You can bin your tomogram differently to segment different features. Just import multiple copies of raw tomogram with different shrink factor, and unbin the segmentation using math.fft.resample processor. It is particularly useful when you have feature of various scale in one tomogram, and cannot have the large ones fit into the 64*64 box and small ones visible at the same scale.
In some cases, there is a significant missing wedge in the x-y plane slices (you can visualize this by clicking Amp button when looking at the slices in EMAN2). So the resolvability on x direction is different than that on y direction. It is important to provide features running in different directions in the training set, otherwise the neural net may only pick up features in one direction based on the Fourier patten. Also, you may want to check the stage of the microscope, since this may suggest the sample is not tilted exactly around the x axis.

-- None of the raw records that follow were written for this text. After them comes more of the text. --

(* Let $\mathcal{D}$ be a liability category, let $N=(G,X,\lambda,\iota;\delta,\hat\alpha)$ be a liability network in $\mathcal{D}$ with $G=(V,E,s,t)$, and let $\mathcal{L}$ be its liability sheaf on $\mathcal{H}_G$. Set $P=\prod_{v\in V}X_v$ and $B=\prod_{e\in E}X_{s(e)}^{\lambda_e}$, and define $D:P\to B$ and $A:B\to P$ componentwise by $D_e=\delta_e\circ\pi_{s(e)}$ (i.e. $D(\mathbf{x})_e=\delta_e(x_{s(e)})$) and $A_v=\alpha_v\circ\langle\pi_e\rangle_{t(e)=v}$ (i.e. $A(\mathbf{p})_v=\alpha_v((p_e)_{t(e)=v})$), and let $\Phi=A\circ D:P\to P$. Then there is a canonical isomorphism in $\mathcal{D}$ \[ \lim_{\mathcal{I}(\mathcal{H}_G)}\mathcal{L}\ \cong\ \mathrm{Eq}(\mathrm{id}_P,\Phi). \]
   Context: A liability category is a category $\mathcal{D}$ such that: (1) $\mathcal{D}$ has a terminal object $1$, all finite products, and equalizers; (2) for each object $P$ the set $\mathrm{Hom}(1,P)$ carries a partial order, and for each $f:P\to Q$ the map $\rho\mapsto f\circ\rho$ is order-preserving; (3) for each $P$ a distinguished pullback-stable class $\mathcal{S}_P$ of monomorphisms into $P$ (constraint subobjects); (4) for each $P$ a bound selector $\beta_P:\mathrm{Hom}(1,P)\to\mathcal{S}_P$; (5) for finite families, $\mathrm{Hom}(1,\prod_iP_i)\to\prod_i\mathrm{Hom}(1,P_i)$ is an order isomorphism for the componentwise order. A liability network in $\mathcal{D}$ is $N=(G,X,\lambda,\iota;\delta,\hat\alpha)$ with $G=(V,E,s,t)$ a finite directed graph, payment objects $X_v$, liability morphisms $\lambda_e:1\to X_{s(e)}$, exogenous resources $\iota_v:1\to X_v$, distributors $\delta_e:X_{s(e)}\to X_{s(e)}^{\lambda_e}$ where $X_{s(e)}^{\lambda_e}$ is the domain of $\beta_{X_{s(e)}}(\lambda_e)$, and aggregators $\hat\alpha_v:X_v\times\prod_{t(e)=v}X_{s(e)}^{\lambda_e}\to X_v$; the partial aggregator is $\alpha_v=\hat\alpha_v\circ(\iota_v\times\mathrm{id}):\prod_{t(e)=v}X_{s(e)}^{\lambda_e}\to X_v$, empty products being $1$. The liability hypergraph $\mathcal{H}_G$ has vertices $V\sqcup\{e^*:e\in E\}$ and hyperedges $h_v^\delta$ (source $\{v\}$, target $\{e^*:s(e)=v\}$) and $h_v^\alpha$ (empty source, target $\{e^*:t(e)=v\}\cup\{v\}$). Its incidence category $\mathcal{I}(\mathcal{H}_G)$ has objects the vertices and hyperedges and exactly one non-identity morphism $h\to w$ for each incidence of vertex $w$ in the source or target of hyperedge $h$ (no other composites). The liability sheaf $\mathcal{L}:\mathcal{I}(\mathcal{H}_G)\to\mathcal{D}$ has $\mathcal{L}(v)=X_v$, $\mathcal{L}(e^* )=X_{s(e)}^{\lambda_e}$, $\mathcal{L}(h_v^\delta)=X_v$, $\mathcal{L}(h_v^\alpha)=\prod_{t(e)=v}X_{s(e)}^{\lambda_e}$, with $\mathcal{L}(h_v^\delta\to v)=\mathrm{id}$, $\mathcal{L}(h_v^\delta\to e^* )=\delta_e$, $\mathcal{L}(h_v^\alpha\to e^* )=\pi_e$, $\mathcal{L}(h_v^\alpha\to v)=\alpha_v$. $\mathrm{Eq}(f,g)$ denotes the equalizer of a parallel pair. *)

From mathcomp Require Import all_boot.

Set Implicit Arguments.
Unset Strict Implicit.
Unset Printing Implicit Defensive.

Record Category := Cat {
  ob :> Type;
  hom : ob -> ob -> Type;
  idc : forall A, hom A A;
  cmp : forall A B C, hom B C -> hom A B -> hom A C;
  cmp_idl : forall A B (f : hom A B), cmp (idc B) f = f;
  cmp_idr : forall A B (f : hom A B), cmp f (idc A) = f;
  cmp_assoc : forall A B C D (h : hom C D) (g : hom B C) (f : hom A B),
      cmp h (cmp g f) = cmp (cmp h g) f }.
Arguments hom {c} _ _.
Arguments idc {c} A.
Arguments cmp {c A B C} _ _.

Section CatDefs.
Variable C : Category.

Definition IsMono (Q P : C) (m : hom Q P) : Prop :=
  forall (Z : C) (a b : hom Z Q), cmp m a = cmp m b -> a = b.

Definition IsPullback (Q P P' Q' : C) (m : hom Q P) (f : hom P' P)
    (m' : hom Q' P') (g : hom Q' Q) : Prop :=
  cmp m g = cmp f m' /\
  forall (Z : C) (a : hom Z P') (b : hom Z Q), cmp f a = cmp m b ->
    exists u : hom Z Q', (cmp m' u = a /\ cmp g u = b) /\
      forall u' : hom Z Q', cmp m' u' = a -> cmp g u' = b -> u' = u.

Definition Isomorphic_via (A B : C) (f : hom A B) : Prop :=
  exists g : hom B A, cmp g f = idc A /\ cmp f g = idc B.

End CatDefs.

Record FinLimCategory := FinLimCat {
  flc :> Category;
  term : flc;
  to_term : forall X : flc, hom X term;
  to_term_uniq : forall (X : flc) (f : hom X term), f = to_term X;
  bprod : flc -> flc -> flc;
  bp1 : forall A B, hom (bprod A B) A;
  bp2 : forall A B, hom (bprod A B) B;
  bpair : forall X A B, hom X A -> hom X B -> hom X (bprod A B);
  bpair_1 : forall X A B (f : hom X A) (g : hom X B), cmp (bp1 A B) (bpair f g) = f;
  bpair_2 : forall X A B (f : hom X A) (g : hom X B), cmp (bp2 A B) (bpair f g) = g;
  bpair_uniq : forall X A B (u : hom X (bprod A B)),
      u = bpair (cmp (bp1 A B) u) (cmp (bp2 A B) u);
  fprod : forall I : finType, (I -> flc) -> flc;
  fproj : forall (I : finType) (F : I -> flc) (i : I), hom (fprod F) (F i);
  ftuple : forall (I : finType) (F : I -> flc) (X : flc),
      (forall i, hom X (F i)) -> hom X (fprod F);
  ftuple_proj : forall (I : finType) (F : I -> flc) X (f : forall i, hom X (F i)) i,
      cmp (fproj F i) (ftuple f) = f i;
  ftuple_uniq : forall (I : finType) (F : I -> flc) X (u : hom X (fprod F)),
      u = ftuple (fun i => cmp (fproj F i) u);
  eqz : forall A B : flc, hom A B -> hom A B -> flc;
  eqz_map : forall A B (f g : hom A B), hom (eqz f g) A;
  eqz_eq : forall A B (f g : hom A B), cmp f (eqz_map f g) = cmp g (eqz_map f g);
  eqz_lift : forall A B (f g : hom A B) X (h : hom X A), cmp f h = cmp g h ->
      hom X (eqz f g);
  eqz_lift_comm : forall A B (f g : hom A B) X (h : hom X A) (H : cmp f h = cmp g h),
      cmp (eqz_map f g) (eqz_lift H) = h;
  eqz_uniq : forall A B (f g : hom A B) X (u v : hom X (eqz f g)),
      cmp (eqz_map f g) u = cmp (eqz_map f g) v -> u = v }.
Arguments term {_}.
Arguments bp1 {_} A B.
Arguments bp2 {_} A B.
Arguments bpair {_ X A B} _ _.
Arguments fprod {_ I} _.
Arguments fproj {_ I} F i.
Arguments ftuple {_ I F X} _.
Arguments eqz {_ A B} _ _.
Arguments eqz_map {_ A B} _ _.

Record LiabilityCategory := LiabCat {
  lcat :> FinLimCategory;
  pt_le : forall P : lcat, hom term P -> hom term P -> Prop;
  pt_le_refl : forall P (x : hom term P), pt_le x x;
  pt_le_antisym : forall P (x y : hom term P), pt_le x y -> pt_le y x -> x = y;
  pt_le_trans : forall P (x y z : hom term P), pt_le x y -> pt_le y z -> pt_le x z;
  pt_le_post : forall (P Q : lcat) (f : hom P Q) (x y : hom term P),
      pt_le x y -> pt_le (cmp f x) (cmp f y);
  cstr : forall P Q : lcat, hom Q P -> Prop;
  cstr_mono : forall (P Q : lcat) (m : hom Q P), cstr m -> IsMono m;
  cstr_pb : forall (P Q P' Q' : lcat) (m : hom Q P) (f : hom P' P)
      (m' : hom Q' P') (g : hom Q' Q), cstr m -> IsPullback m f m' g -> cstr m';
  bound : forall P : lcat, hom term P -> {Q : lcat & {m : hom Q P | cstr m}};
  (* (5) Hom(1, prod_i P_i) -> prod_i Hom(1,P_i) is an order isomorphism
     (bijectivity is the universal property of the product) *)
  pt_le_prod : forall (I : finType) (F : I -> lcat) (x y : hom term (fprod F)),
      pt_le x y <-> (forall i, pt_le (cmp (fproj F i) x) (cmp (fproj F i) y)) }.
Arguments cstr {_ P Q} _.
Arguments bound {_ P} _.

Record Graph := MkGraph {
  gV : finType;
  gE : finType;
  gs : gE -> gV;
  gt : gE -> gV }.

Definition InE (G : Graph) (v : gV G) : finType := {e : gE G | gt e == v}.

Record LiabilityNetwork (D : LiabilityCategory) (G : Graph) := MkNet {
  nX : gV G -> D;
  nlam : forall e : gE G, hom term (nX (gs e));
  niota : forall v : gV G, hom term (nX v);
  (* domain X_{s(e)}^{lambda_e} of beta(lambda_e) *)
  ndelta : forall e : gE G, hom (nX (gs e)) (projT1 (bound (nlam e)));
  nahat : forall v : gV G,
      hom (bprod (nX v) (fprod (fun e : InE v => projT1 (bound (nlam (val e))))))
          (nX v) }.
Arguments nX {D G} _ _.
Arguments nlam {D G} _ _.
Arguments niota {D G} _ _.
Arguments ndelta {D G} _ _.
Arguments nahat {D G} _ _.

Section Network.
Variables (D : LiabilityCategory) (G : Graph) (N : LiabilityNetwork D G).

Definition Xlam (e : gE G) : D := projT1 (bound (nlam N e)).

Definition inProd (v : gV G) : D := fprod (fun e : InE v => Xlam (val e)).

(* partial aggregator alpha_v = ahat_v o (iota_v x id), precomposed with 1 x Q ~ Q *)
Definition alpha (v : gV G) : hom (inProd v) (nX N v) :=
  cmp (nahat N v) (bpair (cmp (niota N v) (to_term (inProd v))) (idc (inProd v))).

Definition Pobj : D := fprod (fun v : gV G => nX N v).
Definition Bobj : D := fprod (fun e : gE G => Xlam e).

Definition Dmap : hom Pobj Bobj :=
  ftuple (fun e : gE G => cmp (ndelta N e) (fproj (fun v => nX N v) (gs e))).

Definition Amap : hom Bobj Pobj :=
  ftuple (fun v : gV G =>
    cmp (alpha v) (ftuple (fun e : InE v => fproj (fun e' : gE G => Xlam e') (val e)))).

Definition Phi : hom Pobj Pobj := cmp Amap Dmap.

End Network.

(* The incidence category I(H) has objects the vertices and hyperedges *)
(* and one non-identity arrow h -> w per incidence of w in h, and no    *)
(* nontrivial composites; a functor I(H) -> C is therefore exactly the  *)
(* data below, and a cone over it is a family of legs commuting with    *)
(* each incidence arrow.                                               *)
Record Hypergraph := MkHypergraph {
  hV : Type;
  hE : Type;
  hInc : hE -> hV -> Type }.

Record IncDiagram (C : Category) (H : Hypergraph) := MkIncDiagram {
  dV : hV H -> C;
  dE : hE H -> C;
  dRes : forall h w, hInc h w -> hom (dE h) (dV w) }.
Arguments dV {C H} _ _.
Arguments dE {C H} _ _.
Arguments dRes {C H} _ {h w} _.

Record Cone (C : Category) (H : Hypergraph) (F : IncDiagram C H) := MkCone {
  apex : C;
  legV : forall w, hom apex (dV F w);
  legE : forall h, hom apex (dE F h);
  leg_comm : forall h w (i : hInc h w), cmp (dRes F i) (legE h) = legV w }.
Arguments apex {C H F} _.
Arguments legV {C H F} _ _.
Arguments legE {C H F} _ _.

Definition IsLimitCone (C : Category) (H : Hypergraph) (F : IncDiagram C H)
    (c : Cone F) : Prop :=
  forall c' : Cone F,
    exists u : hom (apex c') (apex c),
      ((forall w, cmp (legV c w) u = legV c' w) /\
       (forall h, cmp (legE c h) u = legE c' h)) /\
      forall u' : hom (apex c') (apex c),
        (forall w, cmp (legV c w) u' = legV c' w) ->
        (forall h, cmp (legE c h) u' = legE c' h) -> u' = u.

Inductive LVert (G : Graph) : Type :=
  | VV of gV G
  | VE of gE G.
Inductive LHedge (G : Graph) : Type :=
  | HD of gV G
  | HA of gV G.
Arguments VV {G} _.
Arguments VE {G} _.
Arguments HD {G} _.
Arguments HA {G} _.

(* incidences:  h_v^delta : source {v}, target {e^* : s(e) = v};
                h_v^alpha : empty source, target {e^* : t(e) = v} u {v} *)
Inductive LInc (G : Graph) : LHedge G -> LVert G -> Type :=
  | inc_delta_src (v : gV G) : LInc (HD v) (VV v)
  | inc_delta_tgt (e : gE G) : LInc (HD (gs e)) (VE e)
  | inc_alpha_tgt_e (e : gE G) : LInc (HA (gt e)) (VE e)
  | inc_alpha_tgt_v (v : gV G) : LInc (HA v) (VV v).

Definition liabHypergraph (G : Graph) : Hypergraph :=
  MkHypergraph (@LInc G).

Section Sheaf.
Variables (D : LiabilityCategory) (G : Graph) (N : LiabilityNetwork D G).

Definition LsV (w : LVert G) : D :=
  match w with VV v => nX N v | VE e => Xlam N e end.
Definition LsE (h : LHedge G) : D :=
  match h with HD v => nX N v | HA v => inProd N v end.

Definition LsRes (h : LHedge G) (w : LVert G) (i : LInc h w) : hom (LsE h) (LsV w) :=
  match i in LInc h w return hom (LsE h) (LsV w) with
  | inc_delta_src v => idc (nX N v)
  | inc_delta_tgt e => ndelta N e
  | inc_alpha_tgt_e e =>
      fproj (fun e' : InE (gt e) => Xlam N (val e')) (exist _ e (eqxx (gt e)))
  | inc_alpha_tgt_v v => alpha N v
  end.

Definition liabilitySheaf : IncDiagram D (liabHypergraph G) :=
  @MkIncDiagram D (liabHypergraph G) LsV LsE LsRes.

End Sheaf.

From Pilot Require Import Defs.
From mathcomp Require Import all_boot.
From Stdlib Require Import FunctionalExtensionality.

Set Implicit Arguments.
Unset Strict Implicit.
Unset Printing Implicit Defensive.

(* A cone over the liability sheaf with apex Y is determined by its legs at
   the vertices v, i.e. by a single x : Y -> P.  The hyperedges h_v^delta force
   the legs at the e^* to be the components of D x, and the hyperedges h_v^alpha
   then force the leg at v to be alpha_v of the incoming components, i.e.
   Phi x = x.  Conversely every x with Phi x = x spreads out to a cone.  So the
   equalizer of id and Phi, with its inclusion into P, is a limit cone, and any
   other limit is isomorphic to it by the uniqueness of limits. *)

Section FinLimFacts.
Variable C : FinLimCategory.

(* [Defs.fprod] is qualified because finfun's [fprod] shadows it. *)
Lemma fprod_hom_ext (I : finType) (F : I -> C) (X : C) (u v : hom X (Defs.fprod F)) :
  (forall i, cmp (fproj F i) u = cmp (fproj F i) v) -> u = v.
Proof.
move=> eq_uv; rewrite (ftuple_uniq u) (ftuple_uniq v); f_equal.
exact: functional_extensionality_dep.
Qed.
Lemma models_letter_at w k j e c : j + 1 + e = length w ->
  dist_spec w k true j -> dist_spec w k true e ->
  models w (alt_prefix false 0 (S k) (letter_at k j e c)) <-> nth j w false = c.
Proof.
  intros Hj H1 H2; unfold models, letter_at.
  rewrite alt_prefix_ex_split
    by first [exact I | apply letter_qf_below; simpl; lia | simpl; lia | assumption].
  cbn [eval_term]; split.
  - intros [v [_ [Hc [Hl Hr]]]]; rewrite sat_letter in Hc; cbn [eval_term] in Hc.
    rewrite update_eq in Hc.
    replace (v - 1) with j in Hc by lia; exact Hc.
  - intros Hc; exists (S j); repeat split; try lia.
    rewrite sat_letter; cbn [eval_term]; rewrite update_eq.
    replace (S j - 1) with j by lia; exact Hc.
Qed.

Lemma exists_nth_neq (w w' : list bool) : length w' = length w -> w' <> w ->
  exists j, j < length w /\ nth j w false <> nth j w' false.
Proof.
  intros Hlen Hne; apply NNPP; intros Hno; apply Hne.
  apply nth_ext with false false; [exact Hlen|].
  intros j Hj; apply NNPP; intros Hd; apply Hno; exists j; split; [lia | congruence].
Qed.

Lemma separating_matrix w w' K :
  1 <= length w -> 1 <= length w' -> w' <> w -> Nat.log2 (length w) + 4 <= K ->
  exists M, qf_below K M /\
    models w (alt_prefix false 0 K M) /\ ~ models w' (alt_prefix false 0 K M).
Proof.
  intros Hw Hw' Hne HK; destruct K as [|k]; [lia|].
  assert (spec : forall v k' q e, 1 <= length v -> e <= length w -> k <= k' ->
                   dist_spec v k' q e).
  { intros v k' q e Hv He Hk; apply dist_spec_of_log2; [exact Hv|].
    pose proof (Nat.log2_le_mono _ _ He); lia. }
  destruct (lt_eq_lt_dec (length w') (length w)) as [[Hlt | Heq] | Hgt].
  - exists (dist (S k) false 0 TMin TMax (length w - 1)).
    split; [exact (dist_qf_below (S k) false 0 TMin TMax _ I I)|].
    rewrite !models_dist_min_max by (auto; apply spec; lia); lia.
  - destruct (exists_nth_neq w w' Heq Hne) as [j [Hj Hd]].
    exists (letter_at k j (length w - 1 - j) (nth j w false)).
    split.
    + unfold letter_at; repeat split;
        [apply letter_qf_below | apply (dist_qf_below k true 1) ..]; simpl; auto; lia.
    + rewrite !models_letter_at by (try apply spec; lia).
      split; [reflexivity | congruence].
  - exists (FNot (dist (S k) true 0 TMin TMax (length w))).
    split; [exact (dist_qf_below (S k) true 0 TMin TMax _ I I)|].
    pose proof (models_dist_min_max w (S k) true (length w) Hw ltac:(apply spec; lia)).
    pose proof (models_dist_min_max w' (S k) true (length w) Hw' ltac:(apply spec; lia)).
    unfold models in *; rewrite !alt_prefix_not; simpl negb.
    assert (~ 1 + length w <= length w) by lia; assert (1 + length w <= length w') by lia.
    tauto.
Qed.

Lemma log2_le_log2R n : 1 <= n -> (INR (Nat.log2 n) <= log2R (INR n))%R.
Proof.
  intros Hn; pose proof (Nat.log2_spec n ltac:(lia)) as [Hpow _].
  assert (Hln2 : (0 < ln 2)%R) by (rewrite <- ln_1; apply ln_increasing; lra).
  assert (Hpow' : (2 ^ Nat.log2 n <= INR n)%R).
  { replace 2%R with (INR 2) by (simpl; lra); rewrite <- pow_INR; apply le_INR, Hpow. }
  assert (Hln : (ln (2 ^ Nat.log2 n) <= ln (INR n))%R).
  { destruct (Rle_lt_or_eq_dec _ _ Hpow') as [Hlt | ->]; [|lra].
    left; apply ln_increasing; [apply pow_lt; lra | exact Hlt]. }
  rewrite ln_pow in Hln by lra.
  unfold log2R; apply Rmult_le_reg_r with (ln 2); [exact Hln2|].
  replace (ln (INR n) / ln 2 * ln 2)%R with (ln (INR n)) by (field; lra); exact Hln.
Qed.

Theorem mainTheorem8 :
  exists C : R,
    forall w w' : list bool,
      1 <= length w -> 1 <= length w' -> w' <> w ->
      exists phi : formula,
        is_sentence phi /\ prenex phi /\
        (INR (qcount phi) <= log2R (INR (length w)) + C)%R /\
        strictly_alternating (qprefix phi) /\
        ends_with_forall (qprefix phi) /\
        models w phi /\ ~ models w' phi.
Proof.
  exists 5%R; intros w w' Hw Hw' Hne.
  set (m := Nat.log2 (length w)).
  set (t := (m + 1) / 2 + 1).
  assert (HK : m + 4 <= 2 * S t <= m + 5) by (pose proof (half_bounds (m + 1)); lia).
  destruct (separating_matrix w w' (2 * S t) Hw Hw' Hne) as (M & HM & Hsat & Hunsat); [lia|].
  destruct (ex_prefix_shape M (2 * S t) HM t) as (Hsent & Hprenex & Hq & Halt & Hend); [lia|].
  exists (alt_prefix false 0 (2 * S t) M).
  refine (conj Hsent (conj Hprenex (conj _ (conj Halt (conj Hend (conj Hsat Hunsat)))))).
  rewrite Hq; apply Rle_trans with (INR (m + 5)); [apply le_INR; lia|].
  pose proof (log2_le_log2R (length w) Hw) as Hlog; fold m in Hlog.
  rewrite plus_INR; replace (INR 5) with 5%R by (simpl; lra); lra.
Qed.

It is also vital to cover various state of the target feature. For example, if you want to segment single layer membranes, you may want to have some cell membrane, some small vesicles, and some vesicles with darker density inside, so the neural network can grab the concept of membrane. Just imagine how you would teach someone with no biological knowledge about the features you are looking for. On the other hand, it is possible to ask the neural network to separate different type of those features. In the membrane example, it is possible to train the neural network to segment vesicles from cell membranes based on the curvature, or recognize dense vesicles based on the difference of intensity on both side of the membrane, given carefully picked training set.

Acknowledgement

Darius Jonasch, the first user of the tomogram segmentation protocol, provided many useful advices to make the workflow user-friendly. He also wrote a tutorial of the earlier version of the protocol, on which this tutorial is based.